Items listed in a dataset:
· · ·
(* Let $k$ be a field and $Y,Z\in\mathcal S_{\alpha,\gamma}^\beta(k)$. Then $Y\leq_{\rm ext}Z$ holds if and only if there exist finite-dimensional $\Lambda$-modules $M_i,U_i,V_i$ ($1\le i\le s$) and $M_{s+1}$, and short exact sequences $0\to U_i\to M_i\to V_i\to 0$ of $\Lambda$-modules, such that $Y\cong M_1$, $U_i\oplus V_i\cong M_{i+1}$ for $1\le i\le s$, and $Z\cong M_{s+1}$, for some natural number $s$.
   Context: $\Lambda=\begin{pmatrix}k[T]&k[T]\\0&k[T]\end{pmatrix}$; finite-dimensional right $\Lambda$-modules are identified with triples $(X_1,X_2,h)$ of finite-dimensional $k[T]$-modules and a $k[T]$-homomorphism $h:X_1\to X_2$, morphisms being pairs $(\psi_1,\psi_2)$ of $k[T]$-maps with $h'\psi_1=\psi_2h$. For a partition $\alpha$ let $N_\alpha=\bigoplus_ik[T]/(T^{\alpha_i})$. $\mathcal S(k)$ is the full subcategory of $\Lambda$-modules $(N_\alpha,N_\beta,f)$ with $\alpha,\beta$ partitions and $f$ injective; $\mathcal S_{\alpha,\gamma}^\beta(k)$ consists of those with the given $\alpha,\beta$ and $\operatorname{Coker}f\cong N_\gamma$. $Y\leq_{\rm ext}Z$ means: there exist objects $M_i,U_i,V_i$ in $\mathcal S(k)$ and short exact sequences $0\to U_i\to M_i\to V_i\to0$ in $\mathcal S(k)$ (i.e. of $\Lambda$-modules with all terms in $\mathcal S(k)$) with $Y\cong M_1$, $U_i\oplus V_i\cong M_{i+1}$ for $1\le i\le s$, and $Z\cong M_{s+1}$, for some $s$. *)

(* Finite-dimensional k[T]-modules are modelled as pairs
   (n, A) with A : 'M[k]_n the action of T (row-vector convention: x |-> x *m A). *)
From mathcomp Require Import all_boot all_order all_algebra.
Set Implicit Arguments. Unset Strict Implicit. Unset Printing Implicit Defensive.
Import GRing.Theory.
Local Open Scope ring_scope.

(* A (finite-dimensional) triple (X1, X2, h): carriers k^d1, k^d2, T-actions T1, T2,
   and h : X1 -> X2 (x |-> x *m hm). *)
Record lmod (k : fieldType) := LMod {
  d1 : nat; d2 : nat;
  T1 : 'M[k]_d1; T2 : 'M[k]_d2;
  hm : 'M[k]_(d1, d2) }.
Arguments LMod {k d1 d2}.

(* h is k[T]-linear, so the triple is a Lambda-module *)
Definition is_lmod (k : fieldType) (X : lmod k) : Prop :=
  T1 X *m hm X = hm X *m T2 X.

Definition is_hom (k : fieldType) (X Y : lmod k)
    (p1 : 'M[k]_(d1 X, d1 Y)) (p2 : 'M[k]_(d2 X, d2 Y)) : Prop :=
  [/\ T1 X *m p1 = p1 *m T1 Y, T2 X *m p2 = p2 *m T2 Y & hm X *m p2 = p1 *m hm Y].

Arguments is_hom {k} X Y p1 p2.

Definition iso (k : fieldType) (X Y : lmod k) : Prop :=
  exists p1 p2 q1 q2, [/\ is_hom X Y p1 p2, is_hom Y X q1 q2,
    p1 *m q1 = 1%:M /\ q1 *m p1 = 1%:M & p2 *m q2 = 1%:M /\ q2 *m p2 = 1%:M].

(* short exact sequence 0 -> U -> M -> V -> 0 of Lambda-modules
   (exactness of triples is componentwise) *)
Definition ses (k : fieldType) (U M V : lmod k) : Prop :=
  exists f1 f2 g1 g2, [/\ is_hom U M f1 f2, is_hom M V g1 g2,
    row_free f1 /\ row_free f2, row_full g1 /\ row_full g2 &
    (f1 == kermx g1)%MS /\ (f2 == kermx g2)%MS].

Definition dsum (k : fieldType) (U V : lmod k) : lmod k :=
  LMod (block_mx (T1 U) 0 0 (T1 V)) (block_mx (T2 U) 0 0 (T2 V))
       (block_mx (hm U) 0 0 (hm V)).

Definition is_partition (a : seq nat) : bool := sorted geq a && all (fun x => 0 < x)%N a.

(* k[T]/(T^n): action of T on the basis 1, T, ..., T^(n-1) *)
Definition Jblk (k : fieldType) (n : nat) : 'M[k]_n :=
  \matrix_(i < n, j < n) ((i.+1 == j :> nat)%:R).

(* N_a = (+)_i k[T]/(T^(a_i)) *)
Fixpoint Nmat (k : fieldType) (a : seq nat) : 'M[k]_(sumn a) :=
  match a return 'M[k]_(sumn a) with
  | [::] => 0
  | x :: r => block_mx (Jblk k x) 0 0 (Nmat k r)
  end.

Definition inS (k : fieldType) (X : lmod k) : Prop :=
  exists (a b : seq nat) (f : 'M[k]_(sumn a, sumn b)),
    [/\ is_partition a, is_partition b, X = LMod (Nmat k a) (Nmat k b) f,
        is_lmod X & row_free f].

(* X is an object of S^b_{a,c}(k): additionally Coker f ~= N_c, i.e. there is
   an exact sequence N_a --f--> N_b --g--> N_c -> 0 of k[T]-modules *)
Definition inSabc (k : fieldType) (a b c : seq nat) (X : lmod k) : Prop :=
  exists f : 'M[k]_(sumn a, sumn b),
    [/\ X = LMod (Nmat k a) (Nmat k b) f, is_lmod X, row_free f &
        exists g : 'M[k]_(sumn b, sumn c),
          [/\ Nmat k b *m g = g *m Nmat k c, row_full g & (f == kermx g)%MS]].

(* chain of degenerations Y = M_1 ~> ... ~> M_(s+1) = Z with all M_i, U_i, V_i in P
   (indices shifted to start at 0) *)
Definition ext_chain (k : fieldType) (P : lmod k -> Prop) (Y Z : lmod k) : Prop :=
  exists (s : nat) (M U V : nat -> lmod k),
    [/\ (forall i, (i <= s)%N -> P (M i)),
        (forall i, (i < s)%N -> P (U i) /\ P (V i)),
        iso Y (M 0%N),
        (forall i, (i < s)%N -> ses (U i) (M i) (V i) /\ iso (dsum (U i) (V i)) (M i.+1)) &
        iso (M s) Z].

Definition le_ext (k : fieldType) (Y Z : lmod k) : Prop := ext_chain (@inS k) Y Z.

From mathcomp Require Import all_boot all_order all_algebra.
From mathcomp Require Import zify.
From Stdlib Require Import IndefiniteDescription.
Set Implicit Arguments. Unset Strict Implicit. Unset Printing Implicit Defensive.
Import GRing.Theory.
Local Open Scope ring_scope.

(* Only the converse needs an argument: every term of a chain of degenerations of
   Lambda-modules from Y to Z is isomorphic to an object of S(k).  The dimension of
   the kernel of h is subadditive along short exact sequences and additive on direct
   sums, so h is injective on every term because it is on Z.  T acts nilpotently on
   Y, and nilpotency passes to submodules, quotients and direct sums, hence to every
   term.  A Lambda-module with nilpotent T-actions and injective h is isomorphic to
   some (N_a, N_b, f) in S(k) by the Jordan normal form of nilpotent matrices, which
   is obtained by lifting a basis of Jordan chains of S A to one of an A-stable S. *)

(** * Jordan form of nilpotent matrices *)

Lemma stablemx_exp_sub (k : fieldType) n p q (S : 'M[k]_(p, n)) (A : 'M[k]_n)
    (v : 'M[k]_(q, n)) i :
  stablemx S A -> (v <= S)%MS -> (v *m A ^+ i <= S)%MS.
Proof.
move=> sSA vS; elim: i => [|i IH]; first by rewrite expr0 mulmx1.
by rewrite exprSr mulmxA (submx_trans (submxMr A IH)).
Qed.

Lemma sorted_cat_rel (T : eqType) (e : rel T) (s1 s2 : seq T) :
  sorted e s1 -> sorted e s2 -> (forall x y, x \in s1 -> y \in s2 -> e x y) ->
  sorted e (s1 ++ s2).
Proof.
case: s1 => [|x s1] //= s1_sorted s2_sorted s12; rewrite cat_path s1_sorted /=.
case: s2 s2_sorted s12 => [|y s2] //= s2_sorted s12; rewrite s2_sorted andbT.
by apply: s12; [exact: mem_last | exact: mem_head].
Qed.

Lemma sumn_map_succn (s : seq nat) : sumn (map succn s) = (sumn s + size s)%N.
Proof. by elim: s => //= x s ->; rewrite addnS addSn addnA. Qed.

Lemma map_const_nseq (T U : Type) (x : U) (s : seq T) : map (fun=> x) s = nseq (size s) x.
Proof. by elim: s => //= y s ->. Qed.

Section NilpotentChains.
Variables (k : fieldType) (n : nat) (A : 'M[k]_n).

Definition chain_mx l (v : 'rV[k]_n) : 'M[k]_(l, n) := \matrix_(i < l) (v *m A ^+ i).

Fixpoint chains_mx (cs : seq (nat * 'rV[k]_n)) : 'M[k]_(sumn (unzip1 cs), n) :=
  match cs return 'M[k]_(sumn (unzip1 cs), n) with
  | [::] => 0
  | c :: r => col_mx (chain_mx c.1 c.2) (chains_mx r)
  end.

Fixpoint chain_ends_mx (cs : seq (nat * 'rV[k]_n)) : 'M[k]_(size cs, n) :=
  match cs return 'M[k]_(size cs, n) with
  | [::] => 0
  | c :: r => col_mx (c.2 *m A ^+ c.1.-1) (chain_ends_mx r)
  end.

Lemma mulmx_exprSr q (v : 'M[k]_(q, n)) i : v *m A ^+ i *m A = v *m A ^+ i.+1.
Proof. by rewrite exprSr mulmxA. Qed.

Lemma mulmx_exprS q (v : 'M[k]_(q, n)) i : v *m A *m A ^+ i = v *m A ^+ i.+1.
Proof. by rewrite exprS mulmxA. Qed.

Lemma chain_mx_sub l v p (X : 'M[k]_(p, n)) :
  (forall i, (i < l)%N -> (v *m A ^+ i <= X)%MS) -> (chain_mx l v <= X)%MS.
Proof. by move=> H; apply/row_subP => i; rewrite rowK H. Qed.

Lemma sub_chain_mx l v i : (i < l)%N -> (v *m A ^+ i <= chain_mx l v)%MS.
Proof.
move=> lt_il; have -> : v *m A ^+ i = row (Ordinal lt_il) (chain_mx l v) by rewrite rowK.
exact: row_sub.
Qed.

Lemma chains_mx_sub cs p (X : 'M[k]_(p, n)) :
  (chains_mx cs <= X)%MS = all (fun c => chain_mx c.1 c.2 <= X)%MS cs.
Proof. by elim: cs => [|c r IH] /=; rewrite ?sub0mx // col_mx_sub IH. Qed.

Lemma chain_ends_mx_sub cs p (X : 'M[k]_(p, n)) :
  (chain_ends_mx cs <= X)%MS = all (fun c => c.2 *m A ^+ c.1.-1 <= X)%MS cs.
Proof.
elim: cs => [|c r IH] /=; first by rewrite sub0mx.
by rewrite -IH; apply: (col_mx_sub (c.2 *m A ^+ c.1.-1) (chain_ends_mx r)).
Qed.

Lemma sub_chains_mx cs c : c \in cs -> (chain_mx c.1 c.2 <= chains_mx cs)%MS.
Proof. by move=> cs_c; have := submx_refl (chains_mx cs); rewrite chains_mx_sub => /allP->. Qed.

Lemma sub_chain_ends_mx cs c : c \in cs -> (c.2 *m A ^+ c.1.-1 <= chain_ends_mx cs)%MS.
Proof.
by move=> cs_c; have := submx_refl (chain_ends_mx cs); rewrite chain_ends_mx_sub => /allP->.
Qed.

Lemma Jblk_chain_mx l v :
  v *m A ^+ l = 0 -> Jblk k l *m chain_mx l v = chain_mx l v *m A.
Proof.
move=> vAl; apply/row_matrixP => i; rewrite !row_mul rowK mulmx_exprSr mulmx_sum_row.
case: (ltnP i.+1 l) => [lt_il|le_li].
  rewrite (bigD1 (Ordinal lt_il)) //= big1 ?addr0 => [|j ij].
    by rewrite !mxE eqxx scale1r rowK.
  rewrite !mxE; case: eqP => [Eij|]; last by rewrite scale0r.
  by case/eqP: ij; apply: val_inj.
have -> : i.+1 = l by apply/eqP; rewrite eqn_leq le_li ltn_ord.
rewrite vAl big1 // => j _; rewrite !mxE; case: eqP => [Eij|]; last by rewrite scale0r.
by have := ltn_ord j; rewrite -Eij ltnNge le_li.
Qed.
· · ·
*Exercise details:* Your answer should consist of every line from the entries that holds "exists".

*Output:*
  exists p1 p2 q1 q2, [/\ is_hom X Y p1 p2, is_hom Y X q1 q2,
  exists f1 f2 g1 g2, [/\ is_hom U M f1 f2, is_hom M V g1 g2,
  exists (a b : seq nat) (f : 'M[k]_(sumn a, sumn b)),
  exists f : 'M[k]_(sumn a, sumn b),
        exists g : 'M[k]_(sumn b, sumn c),
  exists (s : nat) (M U V : nat -> lmod k),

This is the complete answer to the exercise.